Amina: You need to state a problem clearly to have any chance of solving it. Decoupling a problem from its context is what has allowed science and engineering to make such huge progress. You can’t split the atom, go to the moon, or build the internet while you’re still thinking about the societal context of the atoms or rockets or wires.
Diego: Yea, I guess this is what originally attracted me to effective altruism. Approaching altruism like a science. Splitting altruism up into a list of problems and working out which are most important. We can’t fix the whole world, but we can work out what’s most important to fix…
But… is altruism really amenable to decoupling? Is it in the same class as building rockets and splitting atoms? I haven’t seen any principled argument about why we should expect this.
Amina: But this decouply engineering mindset has helped build a number of highly effective charities, like LEEP!
Diego: Ok, so it works for getting lead out of kid’s lungs, but does it work for, like, making singularity go well? It seems unclear to me.
I agree that the arguments for AI risk are strong. Maybe we’re all going to get paperclipped. But can we solve the problem by zooming in on AI development, or do we need to consider the bigger picture, the context?
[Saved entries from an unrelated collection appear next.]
Lemma std_seq1 : std_seq 1 = theta / kR.
Proof. by rewrite std_seqS std_seq0 cR1 bR0 theta_eq mul1r mulr1. Qed.

(* Delsarte's bound: by [sum_spherical_std] the sum over z in C of [spherical z std_seq]
   has squared norm gram_const |C| (1 + (|C| - 1) theta / k), which must be >= 0. *)
Lemma clique_card_le C : clique e C -> (#|C|%:R - 1) * - theta <= kR.
Proof.
move=> C_clique; set n : R := #|C|%:R.
have row_sum z : z \in C ->
    \sum_(z' in C) spherical z' std_seq z = n * std_seq 1 + (1 - std_seq 1).
  move=> zC; rewrite (eq_bigr (fun z' => std_seq 1 + (z' == z)%:R * (1 - std_seq 1))).
    rewrite big_split /= sumr_const mulr_natl -big_distrl /= (bigD1 z) //= eqxx.
    by rewrite big1 ?addr0 ?mul1r // => z' /andP [_ /negbTE ->].
  move=> z' z'C; have [->|ne_z'z] := eqVneq z' z.
    by rewrite (sphericalE _ (leq0n D)) ?mem_sphere0 // std_seq0 mul1r addrC subrK.
  by rewrite (sphericalE _ D_gt0) ?sphere1E ?(clique_adj C_clique) // mul0r addr0.
have sum_sq : \sum_y (\sum_(z in C) spherical z std_seq y) ^+ 2 =
              gram_const * (n * (n * std_seq 1 + (1 - std_seq 1))).
  under eq_bigr do rewrite expr2 big_distrl /=.
  under eq_bigr do under eq_bigr do rewrite big_distrr /=.
  rewrite exchange_big /=; under eq_bigr do rewrite exchange_big /=.
  under eq_bigr => z zC do under eq_bigr do rewrite sum_spherical_std.
  under eq_bigr => z zC do rewrite -big_distrr /= row_sum //.
  by rewrite -big_distrr /= sumr_const -mulr_natl.
have : 0 <= n * (n * std_seq 1 + (1 - std_seq 1)).
  by rewrite -(pmulr_rge0 _ gram_const_gt0) -sum_sq sumr_ge0 // => y _; rewrite sqr_ge0.
have [C0|C_gt0] := posnP #|C|.
  by rewrite /n C0 sub0r mulN1r opprK => _; apply: ltW (lt_trans theta_lt0 kR_gt0).
rewrite pmulr_rge0 ?ltr0n // std_seq1 => H.
have k_neq0 : kR != 0 by rewrite gt_eqF ?kR_gt0.
have -> : (n - 1) * - theta = kR - (n * (theta / kR) + (1 - theta / kR)) * kR by field.
by rewrite gerBl; apply: mulr_ge0 H (ltW kR_gt0).
Qed.

Definition alt_seq (S : nat -> R) (j : nat) : R := (-1) ^+ j * S j.

Lemma left_eigenseq_alt mu S j : left_eigenseq mu S -> (j <= D)%N ->
  - (alt_seq S j.+1 * cR j.+1) + alt_seq S j * aR j -
    (if j is j'.+1 then alt_seq S j' * bR j' else 0) = mu * alt_seq S j.
Proof.
move=> S_eq le_jD; rewrite /alt_seq [RHS]mulrCA -(S_eq j le_jD).
by case: j {le_jD} => [|j]; rewrite !exprS /=; ring.
Qed.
Amina: AI development is what might kill us right, so it’s what we should be focusing on.
Diego: Well, is it the AI that’ll kill us, or the user, or the engineers, or the company, or the shareholders who pressured a faster release? The race dynamics themselves, or Moloch? There’s a long causal chain, and a number of places one could intervene to stop that chain.
Amina: But aligning the first AGI, with technical work and legislation, is where we can actually do something. We can’t fix the whole system. You can’t slay Moloch, Diego.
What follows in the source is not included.